Count of Numbers in Range [L, R] having Sum of Digits of its Square Equal to Square of Sum of Digits

Author Malay Gain
1 upvote

Introduction

Finding the sum of digits of a number can be done easily. Here we will be discussing a problem where the concept of finding the sum of digits will be mainly used. The concept of the modulo operator is required here. First, we will understand the problem statement clearly. Then solution approach will be described along with its C++ implementation.

Problem statement

You are given a range of integers [L, R]. Form the given range of integers, you need to find how many integers have the sum of digits of its square equal to the square of the sum of digits.

 

Input 

L=1, R=20

Output

8

 

Explanation

For the range [1, 20], the numbers that are satisfying the above condition are 1, 2, 3, 10, 11, 12, 13, 20.
So, the count of such numbers is 8.

 

Note: Please try to solve the problem first and then see the below solution approach.

Also see, Euclid GCD Algorithm

Approaches

We will take the brute force approach to solve this problem.

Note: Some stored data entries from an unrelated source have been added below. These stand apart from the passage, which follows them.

Lemma nneseries_pinftyP (f : nat -> R) : (forall k, 0 <= f k)%R ->
  \sum_(0 <= k <oo) (f k)%:E = +oo <->
  forall B : R, exists N, (B < \sum_(k < N) f k)%R.
Proof.
move=> f0; split=> [S_oo B | S_unbounded].
  apply/not_existsP => S_le; suff : \sum_(0 <= k <oo) (f k)%:E <= B%:E by rewrite S_oo.
  apply: lime_le; first by apply: is_cvg_nneseries => n _ _; rewrite lee_fin.
  by apply: nearW => N; rewrite /= sumEFin lee_fin big_mkord leNgt; apply/negP/S_le.
have S_ge0 : 0 <= \sum_(0 <= k <oo) (f k)%:E.
  by apply: nneseries_ge0 => n _ _; rewrite lee_fin.
case S_eq : (\sum_(0 <= k <oo) (f k)%:E) S_ge0 => [s | // | //] _.
have [N sN] := S_unbounded s.
have := @nneseries_lim_ge R (fun k => (f k)%:E) xpredT 0 N (fun n _ _ => f0 n).
by rewrite S_eq sumEFin lee_fin big_mkord leNgt sN.
Qed.

Lemma nneseriesS (f : nat -> \bar R) : (forall n, 0 <= f n) ->
  \sum_(0 <= n <oo) f n = f 0%N + \sum_(0 <= n <oo) f n.+1.
Proof.
move=> f0; rewrite nneseries_recl // -(nneseries_addn 1) //.
by under [in RHS]eq_eseriesr do rewrite -addn1.
Qed.

Lemma nneseries_ge_term (f : nat -> \bar R) k : (forall n, 0 <= f n) ->
  f k <= \sum_(0 <= n <oo) f n.
Proof.
move=> f0; rewrite (@nneseriesD1 R f k xpredT) // leeDl //.
by apply: nneseries_ge0 => n _ _; exact: f0.
Qed.

End nonnegative_series.

Definition e0 {R : realType} : nat -> R[i] := fun k => if k is 0 then 1 else 0.

Section lp.
Variables (R : realType) (p : R).
Implicit Types x y : nat -> R[i].

Lemma lpsum_recl x :
  lpsum p x = ((cmod (x 0%N)) `^ p)%:E + lpsum p (fun k => x k.+1).
Proof. by rewrite /lpsum nneseriesS // => k; rewrite lee_fin powR_ge0. Qed.

Lemma in_lp_tail x : in_lp p x <-> in_lp p (fun k => x k.+1).
Proof.
rewrite /in_lp lpsum_recl; split => [|tail_fin].
  by apply: le_lt_trans; rewrite leeDr // lee_fin powR_ge0.
by rewrite lte_add_pinfty // ltry.
Qed.

Lemma in_lp_subr_e0 x : in_lp p (fun k => x k - e0 k) <-> in_lp p x.
Proof.
rewrite in_lp_tail [in X in _ <-> X]in_lp_tail.
by under eq_fun do rewrite subr0.
Qed.

Hypothesis p_gt0 : 0 < p.

Lemma in_lp_e0 : in_lp p e0.
Proof.
rewrite in_lp_tail /in_lp /lpsum eseries0 ?ltry // => k _ _.
by rewrite cmod0 powR0 // gt_eqF.
Qed.

(* Without [in_lp p x] this fails: [lpnorm] of a sequence outside l_p is the junk value 0. *)
Lemma cmod_le_lpnorm x k : in_lp p x -> cmod (x k) <= lpnorm p x.
Proof.
move=> x_lp; have S_ge0 : (0 <= lpsum p x)%E.
  by apply: nneseries_ge0 => n _ _; rewrite lee_fin powR_ge0.
have xk_le : (cmod (x k)) `^ p <= fine (lpsum p x).
  rewrite -lee_fin fineK ?ge0_fin_numE //.
  by rewrite /lpsum; apply: nneseries_ge_term => n; rewrite lee_fin powR_ge0.
rewrite /lpnorm -[cmod (x k)](@powR_pinv _ _ p) ?cmod_ge0 //.
apply: ge0_ler_powR => //; first by rewrite invr_ge0 ltW.
  by rewrite nnegrE powR_ge0.
by rewrite nnegrE (le_trans _ xk_le) // powR_ge0.
Qed.

End lp.

Section lower_density.
Variable R : realType.
Implicit Types (A : set nat) (b : nat -> R).

Local Notation count A N := (\sum_(n < N) (\1_A n : R)).

Lemma lower_density_gt0 A : (0 < lower_density R A)%E ->
  exists2 d : R, 0 < d &
    exists N0, forall N, (N0 <= N)%N -> d * N%:R <= count A N.
Proof.
rewrite /lower_density limn_einf_lim; set u := (fun N : nat => _).
rewrite (cvg_lim _ (@cvg_einfs_sup R u)) // => /ereal_sup_gt [_ [N0 _ <-]].
have u_ge N : (N0 <= N)%N -> (einfs u N0 <= u N)%E.
  by move=> N0N; apply: ereal_inf_lbound; exists N.
case: (einfs u N0) u_ge => [d | | //] u_ge d_gt0; last first.
  by have := u_ge N0 (leqnn _); rewrite /u leNgt ltey.
exists d; first by rewrite -lte_fin.
exists N0.+1 => -[//| N] N0N.
by rewrite -ler_pdivlMr ?ltr0Sn // -lee_fin (u_ge N).
Qed.

Lemma sum_indic_mul_ge A b (d : R) N0 :
  (forall n, 0 <= b n) -> (forall n, b n.+1 <= b n) ->
  (forall N, (N0 <= N)%N -> d * N%:R <= count A N) ->
  exists c, forall N, (N0 <= N)%N ->
    c + d * \sum_(n < N) b n <= \sum_(n < N) \1_A n * b n.
Proof.
move=> b_ge0 b_noninc count_ge.
pose S N := \sum_(n < N) \1_A n * b n.
pose T N := \sum_(n < N) b n.
(* Abel summation: F is S minus its main term d * T, and it is nondecreasing
   from N0 on because count A N >= d * N there. *)
pose F N := S N - count A N * b N - d * (T N - N%:R * b N).
have F_le N : (N0 <= N)%N -> F N <= F N.+1.
  move=> N0N.
  have -> : F N.+1 = F N + (count A N.+1 - d * N.+1%:R) * (b N - b N.+1).
    by rewrite /F /S /T !big_ord_recr /= -natr1; ring.
  by rewrite lerDl mulr_ge0 // subr_ge0 ?count_ge ?b_noninc // (leqW N0N).
have F_mono N : (N0 <= N)%N -> F N0 <= F N.
  elim: N => [|N IH]; first by rewrite leqn0 => /eqP ->.
  rewrite leq_eqVlt => /orP[/eqP -> // | N0N].
  exact: le_trans (IH N0N) (F_le N N0N).
exists (F N0) => N N0N; rewrite -/(S N) -/(T N).
have -> : S N = F N + (count A N - d * N%:R) * b N + d * T N by rewrite /F; ring.
rewrite lerD2r (le_trans (F_mono N N0N)) // lerDl mulr_ge0 // subr_ge0.
exact: count_ge.
Qed.

Lemma lower_density_gt0_nneseries A b : (0 < lower_density R A)%E ->
  (forall n, 0 <= b n) -> (forall n, b n.+1 <= b n) ->
  (\sum_(0 <= n <oo) (b n)%:E = +oo)%E ->
  (\sum_(0 <= n <oo) (\1_A n * b n)%:E = +oo)%E.
Proof.
move=> /lower_density_gt0 [d d_gt0 [N0 count_ge]] b_ge0 b_noninc.
move=> /(nneseries_pinftyP b_ge0) T_unbounded.
apply/nneseries_pinftyP => [n | B]; first by rewrite mulr_ge0.
have [c S_ge] := sum_indic_mul_ge b_ge0 b_noninc count_ge.
have [N TN] := T_unbounded ((B - c) / d).
exists (N + N0)%N; apply: lt_le_trans (S_ge _ (leq_addl _ _)).
have T_le : \sum_(n < N) b n <= \sum_(n < N + N0) b n.
  by rewrite big_split_ord lerDl sumr_ge0.
rewrite ltr_pdivrMr // in TN.
have := ler_wpM2l (ltW d_gt0) T_le; rewrite mulrC in TN; lra.
Qed.

End lower_density.

Section weighted_backward_shift.
Variables (R : realType) (w : nat -> R[i]).
Implicit Types (p : R) (x y : nat -> R[i]).

Lemma iter_Bw0 n y : iter n (Bw w) y 0%N = (\prod_(2 <= j < n.+2) w j) * y n.
Proof.
elim: n y => [|n IH] y; first by rewrite big_geq ?mul1r.
by rewrite iterSr IH [in RHS]big_nat_recr //= mulrA.
Qed.

Definition weight_prod n := \prod_(2 <= j < n.+2) cmod (w j).

Lemma weight_prodS n : weight_prod n.+1 = weight_prod n * cmod (w n.+2).
Proof. by rewrite /weight_prod big_nat_recr. Qed.

Variable M : R.
Hypothesis w_le : forall n, (2 <= n)%N -> cmod (w n) <= M.

Lemma in_lp_Bw p y : 0 <= p -> in_lp p y -> in_lp p (Bw w y).
Proof.
move=> p_ge0; rewrite in_lp_tail /in_lp => tail_lp.
have M_ge0 : 0 <= M by apply: le_trans (w_le (leqnn 2)); exact: cmod_ge0.
apply: (@le_lt_trans _ _ ((M `^ p)%:E * lpsum p (fun k => y k.+1))%E).
  rewrite /lpsum -nneseriesZl => [|k _]; last by rewrite lee_fin powR_ge0.
  apply: lee_nneseries => [k _ _ | k _]; first by rewrite lee_fin powR_ge0.
  rewrite /Bw -EFinM lee_fin cmodM -powRM ?cmod_ge0 //.
  by apply: ge0_ler_powR; rewrite ?nnegrE ?mulr_ge0 ?cmod_ge0 ?ler_wpM2r ?cmod_ge0 ?w_le.
by rewrite lte_mul_pinfty ?lee_fin ?powR_ge0.
Qed.

Lemma in_lp_iter_Bw p n y : 0 <= p -> in_lp p y -> in_lp p (iter n (Bw w) y).
Proof. by move=> p_ge0 y_lp; elim: n => [|n IH] //=; apply: in_lp_Bw. Qed.

Lemma iter_Bw_near_e0 p n y : 0 < p ->
    in_lp p (fun k => iter n (Bw w) y k - e0 k) ->
    lpnorm p (fun k => iter n (Bw w) y k - e0 k) < 2^-1 ->
  2^-1 < weight_prod n * cmod (y n).
Proof.
move=> p_gt0 /(cmod_le_lpnorm p_gt0 0%N) near_le /(le_lt_trans near_le).
have := cmod_lerB 1 (iter n (Bw w) y 0%N).
rewrite -[cmod (1 - _)]cmodN opprB cmod1 /e0 iter_Bw0 cmodM cmod_prod.
by rewrite -/(weight_prod n); lra.
Qed.

Hypothesis w_ge1 : forall n, (2 <= n)%N -> 1 <= cmod (w n).

Lemma weight_prod_ge1 n : 1 <= weight_prod n.
Proof.
elim: n => [|n IH]; first by rewrite /weight_prod big_geq.
by rewrite weight_prodS mulr_ege1 ?w_ge1.
Qed.

Lemma weight_prod_le n : weight_prod n <= weight_prod n.+1.
Proof.
by rewrite weight_prodS ler_peMr ?w_ge1 // (le_trans ler01) ?weight_prod_ge1.
Qed.

Lemma Bw_exprn_not_freq_hypercyclic p m x : 0 < p -> (0 < m)%N ->
  (\sum_(0 <= n <oo) ((weight_prod n `^ (p / m%:R))^-1)%:E = +oo)%E ->
  in_lp p x -> ~ freq_hypercyclic p (Bw w) (fun k => x k ^+ m).
Proof.
move=> p_gt0 m_gt0 a_div x_lp [xm_lp /(_ e0 (in_lp_e0 p_gt0) 2^-1)].
rewrite invr_gt0 ltr0n => /(_ erefl); set A := [set n | _] => A_dense.
set q := p / m%:R; have q_ge0 : 0 <= q by rewrite divr_ge0 ?ler0n ?ltW.
pose a n := (weight_prod n `^ q)^-1.
have W_gt0 n : 0 < weight_prod n by rewrite (lt_le_trans ltr01) ?weight_prod_ge1.
have Wq_gt0 n : 0 < weight_prod n `^ q by rewrite powR_gt0.
have a_ge0 n : 0 <= a n by rewrite invr_ge0 ltW.
have a_noninc n : a n.+1 <= a n.
  by rewrite lef_pV2 ?posrE // ge0_ler_powR ?nnegrE ?weight_prod_le // ltW.
pose K := 2^-1 `^ q; have K_gt0 : 0 < K by rewrite powR_gt0.
have a_le n : n \in A -> a n <= K^-1 * cmod (x n) `^ p.
  move=> /set_mem /iter_Bw_near_e0 -/(_ p_gt0) near_e0.
  have {near_e0} : 2^-1 < weight_prod n * cmod (x n ^+ m).
    apply: near_e0; apply/in_lp_subr_e0/in_lp_iter_Bw => //; exact: ltW.
  rewrite cmodX => near_e0.
  rewrite ler_pdivlMl // ler_pdivrMr // (powR_exprn p m_gt0) ?cmod_ge0 //.
  rewrite -powRM ?exprn_ge0 ?cmod_ge0 ?(ltW (W_gt0 n)) //.
  apply: ge0_ler_powR; rewrite // ?nnegrE ?mulr_ge0 ?exprn_ge0 ?cmod_ge0 //.
  - exact: ltW.
  - by rewrite mulrC ltW.
suff : (\sum_(0 <= n <oo) (\1_A n * a n)%:E < +oo)%E.
  by rewrite (lower_density_gt0_nneseries A_dense a_ge0 a_noninc a_div).
apply: (@le_lt_trans _ _ ((K^-1)%:E * lpsum p x)%E); last first.
  by rewrite lte_mul_pinfty ?lee_fin ?invr_ge0 ?ltW.
rewrite /lpsum -nneseriesZl => [|k _]; last by rewrite lee_fin powR_ge0.
apply: lee_nneseries => [n _ _ | n _]; first by rewrite lee_fin mulr_ge0.
rewrite -EFinM lee_fin indicE; case: (boolP (n \in A)) => [/a_le | _].
  by rewrite mul1r.
by rewrite mul0r mulr_ge0 ?powR_ge0 ?invr_ge0 ?ltW.
Qed.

  • We will iterate over all integers of the range [L, R].
  • For each integer, we will check if it is having the sum of digits of its square equal to the square of the sum of digits.
  • If the condition is satisfied, we will increment the count of such numbers.
  • To find the sum of digits of a number we will define a separate function sumofDigits( ) that will use the modulo operator to find digits of the number.

 

Code

 

//C++ implementation

#include<bits/stdc++.h>
using namespace std;

//function for finding the sum of digits of a number
int sumofDigits(int n)
{
int s=0;
while(n!=0)
{
s+=n%10;
n=n/10;
}

return s;
}

//Counting  numbers in range [L, R] having sum of digits of its square equal to square of sum of digits
int count(int l,int r)
{
int ans=0;

for(int i=l;i<=r;i++)
{
//sum of digits of its square equal to square of sum of digits
if(sumofDigits(i*i)==sumofDigits(i)*sumofDigits(i))
{
ans++;
cout<<i<<" ";
}
}
cout<<endl;

return ans;
}

//driver code
int main()
{
int L=1,R=20;

cout<<"count of such numbers in the range ["<<l<<","<<r<<"] : "<<count(L,R);

}

 

Output

 

1 2 3 10 11 12 13 20
So, count of such numbers in the range [1,20] : 8

 

Complexity analysis

The Time Complexity of the above approach is O((R - L)*logR).

Space complexity is O(1).

 

FAQs

  1. What is modulo operator?
    It is an arithmetic operator which is used to find the remainder of any integer division.
     
  2. What is the left shift(<<) operator in C++?
    The left shift operator takes two integers and shifts bits of the first integer towards the left by no number of places equal to the second integer.
    E.g  (5<<1) = 10=(1010)2

 

Key Takeaways

This article covered how to count numbers in the range [L, R] having the sum of digits of its square equal to the square of the sum of digits.
Check out this problem - Subarray Sum Divisible By K

 

Check out the Coding Ninjas Studio library for getting a better hold of the data structures and algorithms.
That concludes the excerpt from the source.